My dataframe has zero as the lowest value. I am trying to use the precisionand include_lowestparameters of pandas.cut(), but I can't get the intervals consist of integers rather than floats with one decimal. I can also not get the left most interval to stop at zero.

我的数据帧的最小值为零。我正在尝试使用 的precision和include_lowest参数pandas.cut()，但我无法获得由整数组成的间隔，而不是带一位小数的浮点数。我也不能让最左边的间隔停在零。

import pandas as pd
import seaborn as sns
import matplotlib.pyplot as plt

sns.set(style='white', font_scale=1.3)

df = pd.DataFrame(range(0,389,8)[:-1], columns=['value'])
df['binned_df_pd'] = pd.cut(df.value, bins=7, precision=0, include_lowest=True)
sns.pointplot(x='binned_df_pd', y='value', data=df)
plt.xticks(rotation=30, ha='right')

I have tried setting precisionto -1, 0 and 1, but they all output one decimal floats. The pandas.cut()help does mention that the x-min and x-max values are extended with 0.1 % of the x-range, but I thought maybe include_lowestcould suppress this behaviour somehow. My current workaround involves importing numpy:

我试过设置precision为 -1、0 和 1，但它们都输出一个十进制浮点数。在pandas.cut()帮助未提到的X-min和X-MAX值扩展与X系列的0.1％，但我想，也许include_lowest能在某种程度上抑制这种行为。我目前的解决方法涉及导入 numpy：

import numpy as np

bin_counts, edges = np.histogram(df.value, bins=7)
edges = [int(x) for x in edges]
df['binned_df_np'] = pd.cut(df.value, bins=edges, include_lowest=True)
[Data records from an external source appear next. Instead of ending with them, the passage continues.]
(* For any MeanEstimation algorithm (possibly using shared randomness) in which any machine receives at most $b$ bits, there is a valid input for which $\mathbb{E}[\|\mathbf{EST}-\boldsymbol\mu\|^2]=\Omega\!\left(y^2\,2^{-2b/d}\right)$.
   Context: MeanEstimation: there are $n$ machines; machine $v$ receives $\mathbf{x}_v\in\mathbb{R}^d$, and all receive a common $y$ with $\|\mathbf{x}_u-\mathbf{x}_v\|\le y$ for all $u,v$. All machines must output the same $\mathbf{EST}\in\mathbb{R}^d$ with $\mathbb{E}[\mathbf{EST}]=\boldsymbol\mu=\frac1n\sum_v\mathbf{x}_v$. $\|\cdot\|$ is a fixed one of the $\ell_1,\ell_2,\ell_\infty$ norms. Algorithms may use a common random string available to all machines. Bits received by a machine count all bits it receives from any source during the algorithm, and the bound $b$ holds with certainty. The hidden constant is absolute. *)

From HB Require Import structures.
From mathcomp Require Import all_boot all_order all_algebra.
From mathcomp Require Import all_classical all_reals all_analysis.
Set Implicit Arguments. Unset Strict Implicit. Unset Printing Implicit Defensive.
Import Order.TTheory GRing.Theory Num.Theory.
Local Open Scope ring_scope.

Inductive normkind := L1 | L2 | Linf.

Definition vnorm (R : realType) (d : nat) (k : normkind) (v : 'rV[R]_d) : R :=
  match k with
  | L1 => \sum_(i < d) `|v 0 i|
  | L2 => Num.sqrt (\sum_(i < d) (v 0 i) ^+ 2)
  | Linf => \big[Num.max/0]_(i < d) `|v 0 i|
  end.

Definition meanv (R : realType) (n d : nat) (x : 'I_n -> 'rV[R]_d) : 'rV[R]_d :=
  (n%:R)^-1 *: \sum_(v < n) x v.

Definition valid_input (R : realType) (n d : nat) (k : normkind) (y : R)
  (x : 'I_n -> 'rV[R]_d) : Prop :=
  forall u v : 'I_n, vnorm k (x u - x v) <= y.

From HB Require Import structures.
From mathcomp Require Import all_boot all_order all_algebra.
From mathcomp Require Import all_classical all_reals all_analysis.
From mathcomp Require Import measurable_realfun.
From mathcomp Require Import ring lra zify.
Set Implicit Arguments. Unset Strict Implicit. Unset Printing Implicit Defensive.
Import Order.TTheory GRing.Theory Num.Theory.
Local Open Scope ring_scope.

(* Let one machine hold 0 and all the others a common point a * s of the grid
   {0, ..., m - 1}^d, m = 48 * 2^(b / d), with the largest spacing a keeping
   every such input valid; the mean is then c * s, c = a (n - 1) / n >= a / 2.
   Fix the common random string. The machine holding 0 sees at most b bits, so
   it has at most 2^(b + 1) possible outputs. If an output p is within
   c * |(1, ..., 1)| of c * s, then rounding p / c coordinatewise to the grid
   lands within l1-distance 2d of s, and a generating-function count shows
   that at most 12^d grid points are that close to a given point. As
   2^(b + 1) 12^d <= m^d / 2, at least half of the grid inputs have squared
   error >= (c * |(1, ..., 1)|)^2; averaging over the grid and integrating
   over the random string yields one input with expected squared error
   Omega(y^2 4^(-b/d)). *)

Lemma sum_halfpow_distn_le3 (R : realFieldType) (u m : nat) :
  \sum_(v < m) (2^-1 : R) ^+ `|u - v| <= 3.
Proof.
have half_ge0 : (0 : R) <= 2^-1 by rewrite invr_ge0.
have partial : \sum_(v < m) (2^-1 : R) ^+ `|u - v| <=
    if (m <= u)%N then 2^-1 ^+ (u - m) else 3 - 2 * 2^-1 ^+ (m - u).
  elim: m => [|m IH]; first by rewrite big_ord0 exprn_ge0.
  rewrite big_ord_recr /=; case: (ltngtP m u) => hmu.
  - rewrite (ltnW hmu) in IH; rewrite distnEl ?(ltnW hmu) //.
    have e : (u - m = (u - m.+1).+1)%N by lia.
    rewrite e exprS in IH *; lra.
  - rewrite leqNgt hmu /= in IH; rewrite distnEr ?(ltnW hmu) //.
    have -> : (m.+1 - u = (m - u).+1)%N by lia.
    rewrite exprS; lra.
  - subst m; rewrite leqnn subnn expr0 in IH.
    rewrite distnn subSnn expr0 expr1; lra.
apply: le_trans partial _; case: ifP => _.
  by apply: le_trans (_ : 1 <= 3); [apply: exprn_ile1 => //; lra | lra].
have : 0 <= (2^-1 : R) ^+ (m - u) by rewrite exprn_ge0.
lra.
Qed.
(* Let $p\ge2$ and $\delta>0$, and let $n$ be sufficiently large. Let $G$ be a graph on $n$ vertices and let $V(G)=V_1\cup\dots\cup V_p$ be a partition with $|E(V_1)|+\dots+|E(V_p)|<\delta^2n^2$. Then at most $2^{t(n,p)-1}$ orientations of $G$ are not relevant (with respect to this partition and $\delta$).
   Context: $E(V_i)$ is the set of edges of $G$ with both ends in $V_i$; $t(n,p)$ is the number of edges of the complete balanced $p$-partite graph on $n$ vertices. Given a partition $V(G)=V_1\cup\dots\cup V_p$ and $\delta>0$, an orientation $\vec G$ of $G$ is relevant if for every $i\neq j$ and all $X_1\subseteq V_i$, $X_2\subseteq V_j$ with $|X_1|,|X_2|>2\delta n$, there are at least $|X_1||X_2|/10$ edges of $\vec G$ directed from $X_1$ to $X_2$. *)

From HB Require Import structures.
From mathcomp Require Import all_boot all_order all_algebra.
From mathcomp Require Import reals.
Set Implicit Arguments. Unset Strict Implicit. Unset Printing Implicit Defensive.
Import Order.TTheory GRing.Theory Num.Theory.

(* A graph on n vertices: vertex set 'I_n, adjacency [adj] (assumed
   symmetric and irreflexive in the theorem).  A partition into p parts
   is a map [part : 'I_n -> 'I_p], V_i = part^-1(i). *)

Definition edges_in n p (adj : rel 'I_n) (part : 'I_n -> 'I_p) (i : 'I_p) : nat :=
  #|[set xy : 'I_n * 'I_n | [&& (xy.1 < xy.2)%N, adj xy.1 xy.2,
                              part xy.1 == i & part xy.2 == i]]|.

(* t(n,p): edges of the complete balanced p-partite graph on n vertices:
   n mod p parts of size n %/ p + 1 and the rest of size n %/ p. *)
Definition turan (n p : nat) : nat :=
  'C(n, 2) - ((n %% p) * 'C((n %/ p).+1, 2) + (p - n %% p) * 'C(n %/ p, 2)).

(* An orientation of adj: o (x,y) = true means the edge xy is directed x -> y. *)
Definition is_orientation n (adj : rel 'I_n) (o : {ffun 'I_n * 'I_n -> bool}) : bool :=
  [forall x : 'I_n, forall y : 'I_n,
     (o (x, y) ==> adj x y) && (adj x y ==> (o (x, y) != o (y, x)))].

Definition dir_edges n (o : {ffun 'I_n * 'I_n -> bool}) (X1 X2 : {set 'I_n}) : nat :=
  #|[set xy : 'I_n * 'I_n | [&& xy.1 \in X1, xy.2 \in X2 & o xy]]|.

Local Open Scope ring_scope.

Definition relevant (R : realType) n p (delta : R) (part : 'I_n -> 'I_p)
    (o : {ffun 'I_n * 'I_n -> bool}) : bool :=
  [forall i : 'I_p, forall j : 'I_p, forall X1 : {set 'I_n}, forall X2 : {set 'I_n},
    [&& i != j, X1 \subset [set x | part x == i], X2 \subset [set x | part x == j],
        2 * delta * n%:R < #|X1|%:R & 2 * delta * n%:R < #|X2|%:R] ==>
    ((#|X1| * #|X2|)%:R / 10%:R <= (dir_edges o X1 X2)%:R :> R)].

From mathcomp Require Import all_boot all_order all_algebra.
From mathcomp Require Import reals unstable.
From mathcomp Require Import ring lra zify.
Import Order.TTheory GRing.Theory Num.Theory.
Set Implicit Arguments. Unset Strict Implicit. Unset Printing Implicit Defensive.

(* A non-relevant orientation has a witness (i, j, X1, X2), and there are at
   most p ^ 2 4 ^ n witnesses.  For a fixed witness the orientation is
   determined by its arcs from X1 to X2, a subset of X1 * X2 of size less than
   |X1||X2| / 10 (about 2 ^ (8 |X1||X2| / 15) choices), and by its restriction to
   the edges not joining X1 and X2, of which there are at most
   e + t(n, p) + p - |X1||X2|, where e = sum_i |E(V_i)|, because pairs of X1 * X2
   lie in distinct blocks.
   Since |X1||X2| > 4 delta ^ 2 n ^ 2 dominates both e and n, each witness
   accounts for at most 2 ^ (t(n, p) - 1) / (p ^ 2 4 ^ n) orientations. *)

Lemma card_cover_leq_half (T I : finType) (P : pred I) (B : I -> {set T})
    (S : {set T}) (m : nat) :
  S \subset \bigcup_(i | P i) B i ->
  (forall i, P i -> #|I| * (2 * #|B i|) <= 2 ^ m) -> #|S| <= 2 ^ (m - 1).
Proof.
move=> cover hB.
apply: leq_trans (subset_leq_card cover) _; apply: leq_trans (card_big_setU _ _ _) _.
suff h2 : 2 * \sum_(i | P i) #|B i| <= 2 ^ m.
  by case: m {hB} h2 => [|m]; rewrite ?subn1 ?expnS /=; lia.
have [i0 Pi0 | noP] := pickP P; last by rewrite big_pred0.
have I_gt0 : 0 < #|I| by apply/card_gt0P; exists i0.
rewrite -(leq_pmul2l I_gt0) big_distrr /= big_distrr /=.
apply: leq_trans (_ : \sum_(i | P i) 2 ^ m <= _); first exact: leq_sum.
by rewrite sum_nat_const leq_mul2r max_card orbT.
Qed.

Definition small_subsets (T : finType) (U : {set T}) : {set {set T}} :=
  [set A : {set T} | (A \subset U) && (10 * #|A| < #|U|)].

Lemma card_small_subsets (T : finType) (U : {set T}) :
  #|small_subsets U| * 4 ^ (#|U| - #|U| %/ 10) <= 5 ^ #|U|.
Proof.
set N := #|U|.
have cover : small_subsets U \subset
    \bigcup_(k < N.+1 | 10 * k < N) [set A : {set T} | A \subset U & #|A| == k].
  apply/subsetP => A; rewrite inE => /andP[AU HA].
  have lt : #|A| < N.+1 by rewrite ltnS subset_leq_card.
  by apply/bigcupP; exists (Ordinal lt) => //; rewrite inE AU /=.
have cover_le := leq_trans (subset_leq_card cover) (card_big_setU _ _ _).
apply: leq_trans (leq_mul cover_le (leqnn _)) _.
rewrite big_distrl /= (_ : 5 = 4 + 1) // expnDn.
rewrite [X in _ <= X](bigID (fun k : 'I_N.+1 => 10 * k < N)) /=.
apply: leq_trans (leq_addr _ _); apply: leq_sum => k Hk.
rewrite cards_draws exp1n muln1 leq_mul2l leq_exp2l //; apply/orP; right; lia.
Qed.

(* 5 ^ 3 <= 2 ^ 7 and 4 ^ (N - N %/ 10) >= 2 ^ (9 N / 5), so s <= 2 ^ (8 N / 15). *)
Lemma small_subsets_exp_arith (s N : nat) :
  s * 4 ^ (N - N %/ 10) <= 5 ^ N -> s ^ 15 <= 2 ^ (8 * N).
Proof.
move=> hs.
have h5 : 5 ^ (15 * N) <= 2 ^ (35 * N).
  have [-> // | N_gt0] := posnP N.
  have -> : 15 * N = 3 * (5 * N) by rewrite mulnA.
  have -> : 35 * N = 7 * (5 * N) by rewrite mulnA.
  by rewrite [5 ^ _]expnM [2 ^ _]expnM leq_exp2r ?muln_gt0 ?N_gt0.
have h4 : 2 ^ (27 * N) <= (4 ^ (N - N %/ 10)) ^ 15.
  by rewrite -expnM (_ : 4 = 2 ^ 2) // -expnM leq_exp2l //; lia.
rewrite -(leq_pmul2r (expn_gt0 2 (27 * N))) -expnD.
apply: leq_trans (_ : (s * 4 ^ (N - N %/ 10)) ^ 15 <= _).
  by rewrite expnMn leq_mul2l h4 orbT.
apply: leq_trans (_ : (5 ^ N) ^ 15 <= _); first by rewrite leq_exp2r.
by rewrite -expnM mulnC (_ : 8 * N + 27 * N = 35 * N) //; lia.
Qed.

Lemma card_small_subsets_exp (T : finType) (U : {set T}) :
  #|small_subsets U| ^ 15 <= 2 ^ (8 * #|U|).
Proof. exact/small_subsets_exp_arith/card_small_subsets. Qed.

Lemma mul2n_bin2 m : 2 * 'C(m, 2) = m * m.-1.
Proof.
by elim: m => [|m IH] //; rewrite binS bin1 mulnDr IH; case: m {IH} => //= m; ring.
Qed.

(* The hypothesis is what 2 q v <= v ^ 2 + q ^ 2 yields for a partition of n
   into p blocks when c counts the pairs in distinct blocks; the slack p absorbs
   the rounding of q = n %/ p. *)
Lemma leq_turan_of_sqr (n p c : nat) : 0 < p ->
  2 * c + 2 * (n %/ p) * n <= n * n + p * (n %/ p * (n %/ p)) -> c <= turan n p + p.
Proof.
move=> p_gt0; rewrite /turan.
move: (n %/ p) (n %% p) (divn_eq n p) (ltn_pmod n p_gt0) => q r hn hr hc.
have hq : q * q.-1 + q = q * q by case: q {hn hc} => //= q; ring.
have hm : n * n.-1 + n = n * n by case: n {hn hc} => //= n; ring.
have key : c * 2 + r * (q.+1 * q) + (p - r) * (q * q.-1) <= n * n.-1 + 2 * p.
  have [s hs] : exists s, p = r + s by exists (p - r); lia.
  rewrite hs addKn; rewrite hs in hn hc.
  have h1 : q * n = r * (q * q) + s * (q * q) + r * q by rewrite hn; ring.
  have h2 : s * (q * q.-1) + s * q = s * (q * q) by rewrite -mulnDr hq.
  lia.
have e1 := mul2n_bin2 n.
have f2 : r * (q.+1 * q) = 2 * (r * 'C(q.+1, 2)) by rewrite -mul2n_bin2 mulnCA.
have f3 : (p - r) * (q * q.-1) = 2 * ((p - r) * 'C(q, 2)) by rewrite -mul2n_bin2 mulnCA.
lia.
Qed.

Lemma sum_sqr_ge (I : finType) (v : I -> nat) (q : nat) :
  2 * q * \sum_i v i <= \sum_i v i * v i + #|I| * (q * q).
Proof.
rewrite big_distrr -sum_nat_const -big_split /=; apply: leq_sum => i _.
have : 0 <= (v i - q) * (v i - q) by []; nia.
Qed.

Section Blocks.
Variables (T : finType) (p : nat) (part : T -> 'I_p).

Definition block (i : 'I_p) : {set T} := [set x | part x == i].

Lemma sum_block (F : 'I_p -> nat) :
  \sum_(x : T) F (part x) = \sum_(i < p) #|block i| * F i.
Proof.
rewrite (partition_big part predT) //=; apply: eq_bigr => i _.
rewrite (eq_bigr (fun _ => F i)); last by move=> x /eqP ->.
by rewrite sum_nat_const; congr (_ * _); apply: eq_card => x; rewrite !inE.
Qed.

Lemma sum_card_block : \sum_(i < p) #|block i| = #|T|.
Proof.
have := sum_block (fun _ => 1); rewrite sum1_card => ->.
by apply: eq_bigr => i _; rewrite muln1.
Qed.

Lemma card_pairs (P : T -> T -> bool) :
  #|[set xy : T * T | P xy.1 xy.2]| = \sum_(x : T) #|[set y | P x y]|.
Proof.
rewrite -sum1_card big_mkcond /=.
under [RHS]eq_bigr do rewrite -sum1_card big_mkcond /=.
by rewrite pair_bigA /=; apply: eq_bigr => -[x y] _; rewrite !inE.
Qed.

Lemma card_pairs_split_block :
  #|[set xy : T * T | part xy.1 != part xy.2]| + \sum_(i < p) #|block i| * #|block i|
  = #|T| * #|T|.
Proof.
rewrite (card_pairs (fun x y => part x != part y)) -(sum_block (fun i => #|block i|)).
rewrite -big_split /=.
rewrite (eq_bigr (fun=> #|T|)) ?sum_nat_const // => x _.
rewrite -(cardsC (block (part x))) addnC; congr (_ + _); apply: eq_card => y.
by rewrite !inE eq_sym.
Qed.

End Blocks.

Definition cross_pairs n p (part : 'I_n -> 'I_p) : {set 'I_n * 'I_n} :=
  [set xy : 'I_n * 'I_n | (xy.1 < xy.2)%N && (part xy.1 != part xy.2)].

Lemma card_cross_pairs_sq n p (part : 'I_n -> 'I_p) :
  2 * #|cross_pairs part| + \sum_(i < p) #|block part i| * #|block part i| <= n * n.
Proof.
have := card_pairs_split_block part; rewrite card_ord => <-; rewrite leq_add2r.
have sub : cross_pairs part :|: swap @: cross_pairs part \subset
           [set xy | part xy.1 != part xy.2].
  apply/subsetP => z; rewrite !inE => /orP[/andP[_ //] | /imsetP[[a b]]].
  by rewrite !inE /= => /andP[_ ?] ->; rewrite eq_sym.
have dis : [disjoint cross_pairs part & swap @: cross_pairs part].
  apply/pred0P => z /=; apply/negP => /andP[]; rewrite !inE => /andP[lt _] /imsetP[[a b]].
  by rewrite !inE /= => /andP[lt' _] E; move: lt lt'; rewrite E /=; lia.
have := subset_leq_card sub.
rewrite cardsU (disjoint_setI0 dis) cards0 subn0 card_imset ?addnn ?mul2n //.
exact: can_inj swapK.
Qed.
sns.pointplot(x='binned_df_np', y='value', data=df)
plt.xticks(rotation=30, ha='right')

Is there a way to obtain non-negative integers as the interval boundaries directly with pandas.cut()without using numpy?

有没有办法在pandas.cut()不使用 numpy 的情况下直接获得非负整数作为区间边界？

Edit:I just noticed that specifying right=Falsemakes the lowest interval shift to 0 rather than -0.4. It seems to take precedence over include_lowest, as changing the latter does not have any visible effect in combination with right=False. The following intervals are still specified with one decimal point.

编辑：我刚刚注意到指定right=False使最低间隔变为 0 而不是 -0.4。它似乎优先include_lowest，因为更改后者与right=False. 以下间隔仍用一位小数点指定。